Lemma is_derive_avg f x : Rcontinuous f ->
  is_derive (avg d f) x ((f (x + d / 2) - f (x - d / 2)) / d).
Proof.
  intros Hc; set (G := fun b => RInt f 0 b).
  assert (HG : forall c, is_derive (fun t => G (t + c)) x (f (x + c))).
  { intros c.
    assert (Hlin : is_derive (fun t => t + c) x 1) by (auto_derive; auto; ring).
    assert (HGb : is_derive G (x + c) (f (x + c))).
    { apply (is_derive_RInt f G 0 (x + c)); [| apply Hc].
      apply filter_forall; intros b.
      apply (RInt_correct (V := R_CompleteNormedModule)), ex_RInt_Rcontinuous; auto. }
    pose proof (is_derive_comp G (fun t => t + c) x _ _ HGb Hlin) as H.
    unfold scal in H; simpl in H; unfold mult in H; simpl in H.
    rewrite Rmult_1_l in H; exact H. }
  pose proof (is_derive_scal _ x (/ d) _ (is_derive_minus _ _ x _ _ (HG (d / 2)) (HG (- (d / 2))))) as Hs.
  unfold minus, plus, opp in Hs; simpl in Hs.
  replace (x + - (d / 2)) with (x - d / 2) in Hs by ring.
  replace ((f (x + d / 2) - f (x - d / 2)) / d) with (/ d * (f (x + d / 2) + - f (x - d / 2)))
    by (field; lra).
  refine (is_derive_ext _ _ x _ _ Hs); intros t; unfold avg, G; simpl.
  rewrite <- (RInt_Chasles f 0 (t - d / 2) (t + d / 2)) by (apply ex_RInt_Rcontinuous; auto).
  unfold plus; simpl; replace (t + - (d / 2)) with (t - d / 2) by ring; field; lra.
Qed.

■ ■ ■ ■ ■ ■ ■

§ **WHAT THE EXERCISE ASKS**:
Please show every line of the records that holds the word "unfold".

§ **EXPECTED OUTPUT**:
    unfold scal in H; simpl in H; unfold mult in H; simpl in H.
  unfold minus, plus, opp in Hs; simpl in Hs.
  refine (is_derive_ext _ _ x _ _ Hs); intros t; unfold avg, G; simpl.
  unfold plus; simpl; replace (t + - (d / 2)) with (t - d / 2) by ring; field; lra.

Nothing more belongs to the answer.